Copyright © Caren Coles, 2021

© Сабова А., перевод, 2023

© ООО «Издательство АСТ», 2024

* * *

Моим родителям


Пролог

Покосившийся и осевший особняк Эштон-хаус напоминает согбенного годами сумасшедшего. Как я могла знать в тот первый день, что его обитатели так же уродливы, как эти бесформенные бревна, так же убоги, искалечены и больны – разумом и духом? Возможно, это они заразили меня. Или безумие сочилось прямо из болота, окутанного ядовитыми испарениями, растворялось в самом воздухе, которым мы дышали, – и никто из нас не смог скрыться. Никто.


Глава 1

Заросли боярышника укроют меня, под защитой их беспощадных шипов я дождусь рассвета. Звезды скрылись за облаками, и я осталась совсем одна посреди болота, со всеми его канавками и ручейками, стоячей водой и жадной до человеческой плоти трясиной.

Конечно, болото может поглотить меня. Мне плохо, я ослабла от голода, и здесь холодно, так холодно, но, может быть, оно все же пощадит меня. В конце концов, мы с ним старые друзья. Оно хорошо меня знает. Ночной холод пробирает до костей. Волны озноба пробегают по телу снова и снова. Так хочется домой, но дома больше нет – только не для меня.

В деревьях словно призрак мелькает фигура, она все ближе. Этот человек пришел убить меня, или даже хуже. Дышать. Надо дышать. Он пройдет мимо, если я замру и не издам ни звука, и буду держать рот открытым, чтобы он не услышал, как стучат мои зубы.

Он оглядывается направо и налево. И наконец смотрит прямо перед собой – на меня.

Он улыбается.

Я вскакиваю и бросаюсь бежать. Везде вода, вода и тьма.

Он почти добрался до меня, он скользит и едет на неверной болотистой почве, его руки распростерты, как у пугала. Упади, пожалуйста, упади. Пусть болото заберет тебя, утянет тебя на дно, скроет твое лицо. Пусть болото заберет тебя и спасет меня.

Чавкающий звук шагов. Болото старается, засасывает его ботинки, ноги, но этого мало. Грязные белые руки тянутся ко мне, пальцы цепляются за мое платье.

Вода заливает уши, рот.

Я не могу дышать, и вода…

Громкие голоса, вспышка света – и болота больше нет. Надо мной нависает тень. Прежде чем я успеваю закричать, она переворачивает меня на живот, как мертвую рыбу на разделочной доске, и вонзает в мое тело иглу. Теперь кричать нет никакого смысла, потому что я знаю, где нахожусь – в приюте, и здесь нет ни болота, ни моего убийцы.

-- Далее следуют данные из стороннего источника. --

(* Let $p\geq 0$ and let $G$ be a nearly balanced bipartite graph of order $2n-1$. Then $G$ is $2p$-Hamilton-biconnected if and only if $cl_{n+p+1}(G)$ is $2p$-Hamilton-biconnected.
   Context: A bipartite graph $G=(X,Y;E)$ is nearly balanced if $|X|=|Y|+1$; it is Hamilton-biconnected if for any two distinct $u,v\in X$ there is a Hamiltonian path with ends $u,v$. A vertex set $W$ is balanced if $|W\cap X|=|W\cap Y|$; $G$ is $2p$-Hamilton-biconnected if for every balanced $W$ with $|W|=2p$, the subgraph induced by $V(G)\setminus W$ is Hamilton-biconnected. For an integer $r$, the $r$-biclosure $cl_r(G)$ of a bipartite graph $G=(X,Y;E)$ is the unique smallest bipartite graph $H$ on the same vertex set with the same bipartition such that $G\subseteq H$ and $d_H(x)+d_H(y)<r$ for every non-adjacent pair $x\in X$, $y\in Y$; it is obtained from $G$ by repeatedly joining non-adjacent $x\in X$, $y\in Y$ with degree sum at least $r$ until no such pair remains. *)

From mathcomp Require Import all_boot.
Set Implicit Arguments. Unset Strict Implicit. Unset Printing Implicit Defensive.

(* A bipartite graph G = (X, Y; E) on the vertex type T (a finType):
   X : {set T} is one side, Y := ~: X the other side, and the edge set
   E : {set T * T} consists of pairs (x, y) with x \in X, y \in Y
   (hypothesis E \subset setX X (~: X) in the theorem). *)

Section BipGraph.
Variable T : finType.

Definition badj (E : {set T * T}) (u v : T) : bool :=
  ((u, v) \in E) || ((v, u) \in E).

Definition bdeg (E : {set T * T}) (u : T) : nat := #|[set v | badj E u v]|.

Definition ham_path_in (E : {set T * T}) (V : {set T}) (u v : T) : Prop :=
  exists s : seq T,
    [/\ path (badj E) u s, last u s = v, uniq (u :: s)
      & (u :: s) =i V].

Definition ham_biconn_in (X : {set T}) (E : {set T * T}) (V : {set T}) : Prop :=
  forall u v, u \in X :&: V -> v \in X :&: V -> u != v -> ham_path_in E V u v.

Definition ham_biconn2p (X : {set T}) (E : {set T * T}) (p : nat) : Prop :=
  forall W : {set T}, #|W :&: X| = #|W :&: ~: X| -> #|W| = 2 * p ->
    ham_biconn_in X E (~: W).

Definition clos_step (X : {set T}) (r : nat) (E : {set T * T}) : {set T * T} :=
  match [pick e : T * T | [&& e.1 \in X, e.2 \notin X, e \notin E
                            & r <= bdeg E e.1 + bdeg E e.2]] with
  | Some e => e |: E
  | None => E
  end.

(* r-biclosure: repeat the step until no such pair remains; at most
   #|T| * #|T| edges can ever be added, so this many iterations suffice. *)
Definition biclosure (X : {set T}) (E : {set T * T}) (r : nat) : {set T * T} :=
  iter (#|T| * #|T|) (clos_step X r) E.

End BipGraph.

From mathcomp Require Import all_boot.
From mathcomp Require Import zify.
Set Implicit Arguments. Unset Strict Implicit. Unset Printing Implicit Defensive.

(* Adding edges preserves 2p-Hamilton-biconnectedness and the closure only adds
   edges, so it suffices to delete a single closure edge xy, x in X, y in Y,
   with d(x) + d(y) >= n + p + 1.  After removing a balanced set W of 2p
   vertices, x and y keep degree sum at least n - p + 1 = |Y \ W| + 2 in
   G - W.  If a Hamiltonian u-v path l of G - W + xy passes x = l_j, y = l_(j+1),
   the positions i with l_i ~ x and those with l_(i+1) ~ y all carry Y-vertices
   and together number at least |Y \ W| + 1, so some i is of both kinds;
   reversing the segment between the edges l_i l_(i+1) and xy (a 2-opt move)
   yields a Hamiltonian u-v path of G - W. *)

Section TwoOpt.
Variables (T : eqType) (r : rel T).

Definition two_opt (a b : nat) (s : seq T) : seq T :=
  take a.+1 s ++ rev (drop a.+1 (take b.+1 s)) ++ drop b.+1 s.

Lemma perm_two_opt a b s : a <= b -> perm_eq (two_opt a b s) s.
Proof.
move=> ab; have {2}-> : s = take a.+1 s ++ drop a.+1 (take b.+1 s) ++ drop b.+1 s.
  by rewrite catA -{1}(take_takel s (ab : a < b.+1)) !cat_take_drop.
by rewrite perm_cat2l perm_cat2r perm_rev.
Qed.

Lemma nth_two_opt x0 a b s k : a < b < size s ->
  nth x0 (two_opt a b s) k = nth x0 s (if a < k <= b then a + b.+1 - k else k).
Proof.
case/andP=> ab bs; rewrite /two_opt nth_cat size_takel; last by lia.
case: ltnP => [ka | ak]; first by rewrite nth_take // ifN //; lia.
rewrite nth_cat size_rev size_drop size_takel; last by lia.
case: ltnP => [kb | bk].
  rewrite nth_rev ?size_drop ?size_takel; try lia.
  rewrite nth_drop nth_take; last by lia.
  by rewrite ifT; [congr nth; lia | lia].
by rewrite nth_drop ifN; [congr nth; lia | lia].
Qed.

Lemma ohead_two_opt a b s : ohead (two_opt a b s) = ohead s.
Proof. by case: s. Qed.

Hypothesis r_sym : symmetric r.

Lemma sorted_two_opt x0 a b s : a < b -> b.+1 < size s ->
  (forall k, k.+1 < size s -> k != a -> k != b -> r (nth x0 s k) (nth x0 s k.+1)) ->
  r (nth x0 s a) (nth x0 s b) -> r (nth x0 s a.+1) (nth x0 s b.+1) ->
  sorted r (two_opt a b s).
Proof.
move=> ab bs edge cross1 cross2; have abs : a < b < size s by lia.
apply/(sortedP x0) => k; rewrite (perm_size (perm_two_opt _ (ltnW ab))) => ks.
rewrite !nth_two_opt //; case: ifP => k_mid; case: ifP => k1_mid.
- have [-> ->] : a + b.+1 - k = (a + b - k).+1 /\ a + b.+1 - k.+1 = a + b - k by lia.
  by rewrite r_sym; apply: edge; lia.
- have [-> ->] : k = b /\ a + b.+1 - k = a.+1 by lia.
  exact: cross2.
- have [-> ->] : k = a /\ a + b.+1 - k.+1 = b by lia.
  exact: cross1.
- by apply: edge; lia.
Qed.

End TwoOpt.

Section Graph.
Variable T : finType.
Implicit Types (E F : {set T * T}) (V W S : {set T}) (l : seq T).

Lemma badj_sym E : symmetric (badj E).
Proof. by move=> a b; rewrite /badj orbC. Qed.

Lemma badj_sub E F a b : E \subset F -> badj E a b -> badj F a b.
Proof. by move=> /subsetP sEF /orP[] /sEF; rewrite /badj => ->; rewrite ?orbT. Qed.

Lemma badj_setU1 E x y a b :
  badj ((x, y) |: E) a b = [|| (a, b) == (x, y), (b, a) == (x, y) | badj E a b].
Proof. by rewrite /badj !in_setU1; case: eqP; case: eqP; case: ((a, b) \in E). Qed.

Lemma ham_path_in_sub E F V u v : E \subset F -> ham_path_in E V u v -> ham_path_in F V u v.
Proof.
move=> sEF [s [s_path s_last s_uniq s_V]]; exists s; split => //.
by apply: sub_path s_path => a b; apply: badj_sub.
Qed.

Lemma ham_biconn2p_sub X E F p : E \subset F -> ham_biconn2p X E p -> ham_biconn2p X F p.
Proof. by move=> sEF hb W W_bal W_size u v hu hv uv; apply/(ham_path_in_sub sEF)/hb. Qed.

Definition deg_in E V z : nat := #|[set w in V | badj E z w]|.

Lemma bdeg_le_deg_in E S W z : (forall w, badj E z w -> w \in S) ->
  bdeg E z <= deg_in E (~: W) z + #|W :&: S|.
Proof.
move=> zS; apply: leq_trans (leq_card_setU _ _); apply/subset_leq_card/subsetP => w.
by rewrite !inE; case: (w \in W) => /= zw; rewrite ?zw ?zS ?orbT.
Qed.

Definition ham_seq E V u v l : Prop :=
  [/\ ohead l = Some u, last u l = v, sorted (badj E) l & perm_eq l (enum V)].

Lemma ham_path_inP E V u v : ham_path_in E V u v <-> exists l, ham_seq E V u v l.
Proof.
split=> [[s [s_path s_last s_uniq s_V]] | [[|w s] [//= [<-] s_last s_path s_perm]]].
  exists (u :: s); split=> //; apply: uniq_perm; rewrite ?enum_uniq // => w.
  by rewrite mem_enum s_V.
exists s; split=> //; first by rewrite (perm_uniq s_perm) enum_uniq.
by move=> z; rewrite (perm_mem s_perm) mem_enum.
Qed.

Lemma ham_seq_rev E V u v l : ham_seq E V u v l -> ham_seq E V v u (rev l).
Proof.
move=> [l_head l_last l_sorted l_perm]; split.
- case/lastP: l l_head l_last {l_sorted l_perm} => // s w _.
  by rewrite rev_rcons last_rcons => ->.
- by case: l l_head {l_last l_sorted l_perm} => // w s [<-]; rewrite rev_cons last_rcons.
- by rewrite rev_sorted; apply: sub_sorted l_sorted => a b; rewrite badj_sym.
- by rewrite perm_rev.
Qed.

Сердце замедляет бешеный ритм. Все звуки стихают, и благословенный сон обволакивает меня, увлекая в небытие.

Уже утро. Я стою на цыпочках, прижавшись лицом к холодной металлической решетке, и слежу за рощей вдалеке – наверное, это боярышник, в тени за ней лежит болото, где тела любовников тесно сплелись, а мертвецы гниют в воде.

Если вглядываться достаточно пристально, иногда мне удается представить себя на свободе, за пределами этих стен, на свежем воздухе – и вот тогда стопами можно почти ощутить прикосновение травы, а на кожу ложится холодное дыхание ветра. Но только не сегодня. Сегодня мне ни на чем не сосредоточиться – в соседней палате шумят сумасшедшие. Я оборачиваюсь и кричу им в стену:

– Замолчите! Замолчите!

Когда я возвращаюсь к деревьям, их уже не разглядеть – их укрыло завесой пришедшего с моря тумана. Мои каблуки опускаются на пол, и пейзаж исчезает, уступая место прямоугольнику неба. Конечно, я люблю небо, как и все, но так хотелось бы опустить окна чуть пониже – тогда получилось бы разглядеть и мир за их пределами.

О такой роскоши можно только мечтать. Может, однажды меня переведут в другую комнату, где окна шире и больше света? Хотя даже если я попрошу об этом, никуда меня не переведут – пусть у них и есть свободная палата. Наверняка ее отдадут кому-нибудь послушному, прилежному.

Металлическая решетка не позволяет мне сбежать, хотя искренне не понимаю, к чему все эти усилия. Окно слишком узкое, и даже такой худышке, как я, в него не протиснуться, да и потом оно едва открывается – мешает железная щеколда. И кому вообще может прийти в голову спрыгнуть отсюда? До земли далеко. А приземлиться можно только в вымощенный камнем внутренний двор, переломав себе все кости. Колени подгибаются от одной мысли об этом.

Из-за соседней двери доносится невыносимый скрежет – и грохот. Лучше бы санитары сняли решетку с окна в той палате. Оно больше моего, и там все достаточно безумны, чтобы повыпрыгивать из окна один за другим. Во дворе скопится целая груда переломанных тел.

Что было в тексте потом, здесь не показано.